ENTRIES SUPPLIED ->
(* Let $\Gamma$ be a finite triangle-free simplicial graph containing a $K_{3,3}$ subdivision $\Lambda$, and suppose $\Lambda$ has the minimum number of edges among all $K_{3,3}$ subdivisions $\Lambda''\subseteq\Gamma$ with $B(\Lambda'')\le B(\Lambda)$. Then $\Lambda$ has no bad edge with both endpoints on a single branch of $\Lambda$, and no bad edge connecting two $\Lambda$-non-essential vertices lying on adjacent branches of $\Lambda$.
   Context: A subdivision of a graph $H$ is obtained from $H$ by repeatedly inserting valence-two vertices into edges. For a $K_{3,3}$ subdivision $\Lambda\subseteq\Gamma$, the $\Lambda$-essential vertices are those of valence $3$ in $\Lambda$; other vertices of $\Lambda$ are $\Lambda$-non-essential. A branch of $\Lambda$ is a path in $\Lambda$ between two $\Lambda$-essential vertices with no other $\Lambda$-essential vertex on it; two branches are adjacent if they share an endpoint and disjoint otherwise. A bad edge of $\Lambda$ is an edge of $\Gamma$ not in $\Lambda$ whose endpoints are both vertices of $\Lambda$; $B(\Lambda)$ is the number of bad edges. *)

(* Finite simple graphs as a symmetric irreflexive relation
   e : rel T on a finType T; edges are represented as 2-element sets [set x; y]. *)
From mathcomp Require Import all_boot.
Set Implicit Arguments. Unset Strict Implicit. Unset Printing Implicit Defensive.

Definition gedges (T : finType) (e : rel T) : {set {set T}} :=
  [set [set p.1; p.2] | p in [set p : T * T | e p.1 p.2]].

Definition triangle_free (T : finType) (e : rel T) : Prop :=
  forall x y z, e x y -> e y z -> e z x -> False.

Definition wedges (T : finType) (s : seq T) : {set {set T}} :=
  \bigcup_(p <- zip s (behead s)) [set [set p.1; p.2]].

(* (V, E) is a subgraph of Gamma that is a subdivision of K_{3,3}:
   six distinct branch vertices a_0,a_1,a_2 / b_0,b_1,b_2, and for every i, j a
   path a_i -- p i j -- b_j in Gamma, whose interior vertices are not branch
   vertices and are disjoint from the interiors of the other paths;
   V and E are exactly the vertices and edges of these nine paths. *)
Definition isK33sub (T : finType) (e : rel T) (V : {set T}) (E : {set {set T}}) : Prop :=
  exists (a b : 'I_3 -> T) (p : 'I_3 -> 'I_3 -> seq T),
    [/\ [/\ injective a, injective b, (forall i j, a i != b j),
        (forall i j, path e (a i) (rcons (p i j) (b j))) &
        (forall i j, uniq (a i :: rcons (p i j) (b j)))],
        (forall i j x, x \in p i j -> forall k, x != a k /\ x != b k),
        (forall i j i' j' x, x \in p i j -> x \in p i' j' -> i = i' /\ j = j'),
        V = \bigcup_(i < 3) \bigcup_(j < 3) [set x in a i :: rcons (p i j) (b j)]
      & E = \bigcup_(i < 3) \bigcup_(j < 3) wedges (a i :: rcons (p i j) (b j))].

Definition degE (T : finType) (E : {set {set T}}) (x : T) : nat :=
  #|[set y | [set x; y] \in E]|.

Definition essential (T : finType) (V : {set T}) (E : {set {set T}}) (x : T) : bool :=
  (x \in V) && (degE E x == 3).

Definition ladj (T : finType) (E : {set {set T}}) : rel T :=
  fun x y => [set x; y] \in E.

Definition branch (T : finType) (V : {set T}) (E : {set {set T}}) (s : seq T) : bool :=
  if s is x :: t then
    [&& t != [::], uniq s, path (ladj E) x t, essential V E x,
        essential V E (last x t) &
        all (fun z => [|| z == x, z == last x t | ~~ essential V E z]) s]
  else false.

Definition bends (T : finType) (s : seq T) : {set T} :=
  if s is x :: t then [set x; last x t] else set0.

(* two different branches sharing an endpoint (a branch is identified with its reverse) *)
Definition adjacent_branches (T : finType) (V : {set T}) (E : {set {set T}}) (s1 s2 : seq T) : Prop :=
  [/\ branch V E s1, branch V E s2, s2 <> s1, s2 <> rev s1 & bends s1 :&: bends s2 != set0].

Definition bad_edge (T : finType) (e : rel T) (V : {set T}) (E : {set {set T}}) (x y : T) : bool :=
  [&& e x y, [set x; y] \notin E, x \in V & y \in V].

Definition nbad (T : finType) (e : rel T) (V : {set T}) (E : {set {set T}}) : nat :=
  #|[set f in gedges e | (f \notin E) && (f \subset V)]|.

(* We describe a K_{3,3} subdivision by its six branch vertices a_i, b_j and
   the interiors p i j of its nine paths a_i -- b_j (the data of [isK33sub]).
   Its essential vertices are exactly the a_i and b_j (degree 3, against at
   most 2 for interior vertices), so every branch lies on one path
   bpath i j = a_i :: p i j ++ [b_j], with both ends in {a_i, b_j}.

   A bad edge xy is then excluded by an exchange argument: we build another
   K_{3,3} subdivision which uses xy, lives on vertices of Lambda, keeps every
   edge of Lambda between its vertices, and loses a nonempty segment of some
   path.  It has no more bad edges and (counting the two edges at the first
   lost vertex) strictly fewer edges, against minimality.  Two constructions
   suffice:
   - shortcut: x, y on a common path; replace the segment between them by xy;
   - reroute: x, y interior to paths a_i -- b_j1 and a_i -- b_j2; x becomes
     the new branch vertex, the path a_i -- x is appended in reverse to the
     third path at a_i and the segment a_i -- y is dropped.  Triangle-freeness
     guarantees this segment (or its counterpart a_i -- x) is nonempty.
   Adjacent branches meeting at some b_j reduce to the case of a_i by
   exchanging the roles of the a's and the b's. *)

From mathcomp Require Import all_boot zify.
Set Implicit Arguments. Unset Strict Implicit. Unset Printing Implicit Defensive.

(* Consecutive entries c, d of a sequence s are recorded as [infix [:: c; d] s]. *)
Section Consecutive.
Variable T : eqType.
Implicit Types (s : seq T) (c d u v w x y : T).

Lemma zip_behead_infix s c d : ((c, d) \in zip s (behead s)) = infix [:: c; d] s.
Proof.
elim: s => [|x s IHs] //; case: s IHs => [|y s] IHs; first by rewrite /= andbF.
by rewrite [zip _ _]/= in_cons IHs infix_consl xpair_eqE /= prefix0s andbT.
Qed.

Lemma infix2_meml s c d : infix [:: c; d] s -> c \in s.
Proof. by move/mem_infix; apply; rewrite mem_head. Qed.

Lemma infix2_memr s c d : infix [:: c; d] s -> d \in s.
Proof. by move/mem_infix; apply; rewrite !inE eqxx orbT. Qed.

Lemma infix2_rev s c d : infix [:: d; c] (rev s) = infix [:: c; d] s.
Proof. exact: (infix_rev [:: c; d]). Qed.

Lemma infix2_cat s1 x s2 c d :
  infix [:: c; d] (s1 ++ x :: s2) =
  infix [:: c; d] (rcons s1 x) || infix [:: c; d] (x :: s2).
Proof.
elim: s1 => [|w s1 IHs]; first by rewrite /= andbF.
rewrite cat_cons rcons_cons !(infix_consl _ w) IHs orbA; congr (_ || _).
by case: s1 {IHs} => [|? ?] /=; rewrite ?prefix0s.
Qed.

Lemma infix2_inner u m v c d :
  m != [::] -> infix [:: c; d] (u :: rcons m v) -> (c \in m) || (d \in m).
Proof.
elim: m u => [//|w m IHm] u _; rewrite rcons_cons infix_consl => /orP[].
  by move=> /andP[_ /andP[/eqP-> _]]; rewrite mem_head orbT.
case: (altP (m =P [::])) => [->|/IHm IH].
  by rewrite /= andbF !orbF => /andP[/eqP-> _]; rewrite mem_head.
by move=> /IH /orP[] H; rewrite !inE H !orbT.
Qed.

Lemma infix2_splice s1 u m v s2 c d :
  m != [::] -> infix [:: c; d] (s1 ++ u :: m ++ v :: s2) ->
  [\/ infix [:: c; d] (rcons s1 u), infix [:: c; d] (v :: s2), c \in m | d \in m].
Proof.
move=> m0; rewrite infix2_cat -cat_cons infix2_cat rcons_cons.
case/orP => [->|/orP[/(infix2_inner m0)/orP[]|->]]; by constructor.
Qed.

Lemma infix2_succ_uniq s c d d' :
  uniq s -> infix [:: c; d] s -> infix [:: c; d'] s -> d = d'.
Proof.
have succE s1 s2 d1 : uniq (s1 ++ [:: c; d1] ++ s2) ->
    nth c (s1 ++ [:: c; d1] ++ s2) (index c (s1 ++ [:: c; d1] ++ s2)).+1 = d1.
  rewrite cat_uniq => /and3P[_ /hasPn c_s1 _].
  have /negbTE cNs1 : c \notin s1 by apply: c_s1; rewrite mem_head.
  by rewrite index_cat cNs1 /= eqxx addn0 nth_cat ltnNge leqnSn /= subSn // subnn.
move=> us /infixP[s1 [s2 def_s]] /infixP[t1 [t2 def_s']].
by rewrite -(succE s1 s2 d) -?def_s // -(succE t1 t2 d') -?def_s'.
Qed.

Lemma infix2_pred_uniq s c c' d :
  uniq s -> infix [:: c; d] s -> infix [:: c'; d] s -> c = c'.
Proof. by rewrite -rev_uniq -!(infix2_rev s); apply: infix2_succ_uniq. Qed.

Lemma infix2_head s x c : uniq (x :: s) -> ~~ infix [:: c; x] (x :: s).
Proof.
move=> /andP[xNs _]; apply: contra xNs => /infixP[[|w s1] [s2 [_ ->]]] //=.
  by rewrite mem_head.
by rewrite mem_cat !inE eqxx !orbT.
Qed.

Lemma infix2_uniq_neq s c d : uniq s -> infix [:: c; d] s -> c != d.
Proof. by move=> us /infix_uniq/(_ us) /=; rewrite inE andbT. Qed.

Lemma infix2_pred x s w : w \in s -> exists c, infix [:: c; w] (x :: s).
Proof.
case/splitPr=> s1 s2; exists (last x s1); apply/infixP; exists (belast x s1), s2.
by rewrite -cat_cons lastI cat_rcons.
Qed.

Lemma infix2_succ s y w : w \in s -> exists d, infix [:: w; d] (rcons s y).
Proof. by rewrite -mem_rev => /(infix2_pred y)[d]; exists d; rewrite -infix2_rev rev_rcons. Qed.

Lemma mem_split s x : x \in s -> exists s1 s2, s = s1 ++ x :: s2.
Proof. by case/splitPr=> s1 s2; exists s1, s2. Qed.

Lemma split2 s x y : x \in s -> y \in s -> x != y ->
  exists s1 m s2, s = s1 ++ x :: m ++ y :: s2 \/ s = s1 ++ y :: m ++ x :: s2.
Proof.
case/splitPr=> s1 s2; rewrite mem_cat inE => /orP[|/orP[/eqP->|]]; last first.
- by case/splitPr=> m t2 _; exists s1, m, t2; left.
- by rewrite eqxx.
by case/splitPr=> t1 m _; exists t1, m, s2; right; rewrite -catA.
Qed.

Lemma uniq_splice s1 x m y s2 w :
  uniq (s1 ++ x :: m ++ y :: s2) -> w \in m -> w \notin s1 ++ x :: y :: s2.
Proof.
move=> + wm; rewrite -cat_rcons uniq_catCA cat_uniq => /and3P[_ /hasPn mN _].
by rewrite -cat_rcons; apply: contraL wm => /mN.
Qed.

Definition interior_of s := if s is u :: s' then behead (belast u s') else [::].

Lemma splice_ends s1 x m y s2 u t v : s1 ++ x :: m ++ y :: s2 = u :: rcons t v ->
  s1 ++ x :: y :: s2 = u :: rcons (interior_of (s1 ++ x :: y :: s2)) v.
Proof.
have ends s : 1 < size s -> s = head u s :: rcons (interior_of s) (last u s).
  by case: s => [|w [|w' s]] //= _; rewrite -lastI.
move=> def; rewrite [LHS]ends ?size_cat ?addnS //; congr (_ :: rcons _ _).
  by case: s1 def => [|w s1] [].
by have := congr1 (last u) def; rewrite !last_cat /= last_cat last_rcons.
Qed.

End Consecutive.

(* A walk in the graph e is a sequence sorted by e. *)
Section Walks.
Variables (T : eqType) (e : rel T).

Lemma sorted_infix2 s c d : sorted e s -> infix [:: c; d] s -> e c d.
Proof. by move=> es /infix_sorted/(_ es) /andP[]. Qed.

Lemma sorted_rev_sym s : symmetric e -> sorted e (rev s) = sorted e s.
Proof. by move=> e_sym; rewrite rev_sorted; apply: eq_sorted => u v; rewrite e_sym. Qed.

End Walks.

Section Wedges.
Variable T : finType.

Lemma set2_eq (c d c' d' : T) :
  [set c; d] = [set c'; d'] -> (c = c' /\ d = d') \/ (c = d' /\ d = c').
Proof.
move=> E; have: [&& c \in [set c'; d'], d \in [set c'; d'], c' \in [set c; d]
  & d' \in [set c; d]] by rewrite E !set21 !set22 -E set21 set22.
by case/and4P=> /set2P[] ? /set2P[] ? /set2P[] ? /set2P[] ?; subst; auto.
Qed.

Lemma wedgesP (s : seq T) f :
  reflect (exists c d, infix [:: c; d] s /\ f = [set c; d]) (f \in wedges s).
Proof.
rewrite /wedges bigcup_seq; apply: (iffP bigcupP) => [[[c d]]|[c [d [cd ->]]]].
  by rewrite zip_behead_infix => cd /set1P->; exists c, d.
by exists (c, d); rewrite ?zip_behead_infix ?set11.
Qed.

End Wedges.

Definition third (j1 j2 : 'I_3) : 'I_3 := inord (3 - j1 - j2).

Lemma third_spec j1 j2 l : j1 != j2 -> (l == third j1 j2) = (l != j1) && (l != j2).
Proof. by move: j1 j2 l; do 3!case=> [[|[|[|//]]] ?]; rewrite /third -!val_eqE //= inordK. Qed.

Section K33Subdivisions.
Variables (T : finType) (e : rel T).
Implicit Types (a b : 'I_3 -> T) (p : 'I_3 -> 'I_3 -> seq T).

Definition bpath a b p i j : seq T := a i :: rcons (p i j) (b j).

Record k33 a b p : Prop := K33 {
  k33_inja : injective a;
  k33_injb : injective b;
  k33_ab : forall i j, a i != b j;
  k33_sorted : forall i j, sorted e (bpath a b p i j);
  k33_uniq : forall i j, uniq (bpath a b p i j);
  k33_inner : forall i j x, x \in p i j -> forall k, x != a k /\ x != b k;
  k33_disj : forall i j i' j' x, x \in p i j -> x \in p i' j' -> i = i' /\ j = j'
}.

Definition kverts a b p : {set T} :=
  \bigcup_(i < 3) \bigcup_(j < 3) [set x in bpath a b p i j].

Definition kedges a b p : {set {set T}} :=
  \bigcup_(i < 3) \bigcup_(j < 3) wedges (bpath a b p i j).

Lemma isK33subP V E :
  isK33sub e V E <-> exists a b p, [/\ k33 a b p, V = kverts a b p & E = kedges a b p].
Proof.
by split=> [[a [b [p [[? ? ? ? ?] ? ? -> ->]]]]|[a [b [p [[? ? ? ? ? ? ?] -> ->]]]]];
  exists a, b, p.
Qed.

Lemma kvertsP a b p x :
  reflect (exists i j, x \in bpath a b p i j) (x \in kverts a b p).
Proof.
apply: (iffP bigcupP) => [[i _ /bigcupP[j _]]|[i [j xij]]].
  by rewrite inE => xij; exists i, j.
by exists i => //; apply/bigcupP; exists j; rewrite ?inE.
Qed.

WORK ITEM -> From the records above, extract exactly and only the lines that begin at the line with "Lemma infix2_inner u" and stop after the line with "m != [::] -> infix [:: c; d] (s1".

REPLY ->
Lemma infix2_inner u m v c d :
  m != [::] -> infix [:: c; d] (u :: rcons m v) -> (c \in m) || (d \in m).
Proof.
elim: m u => [//|w m IHm] u _; rewrite rcons_cons infix_consl => /orP[].
  by move=> /andP[_ /andP[/eqP-> _]]; rewrite mem_head orbT.
case: (altP (m =P [::])) => [->|/IHm IH].
  by rewrite /= andbF !orbF => /andP[/eqP-> _]; rewrite mem_head.
by move=> /IH /orP[] H; rewrite !inE H !orbT.
Qed.

Lemma infix2_splice s1 u m v s2 c d :
  m != [::] -> infix [:: c; d] (s1 ++ u :: m ++ v :: s2) ->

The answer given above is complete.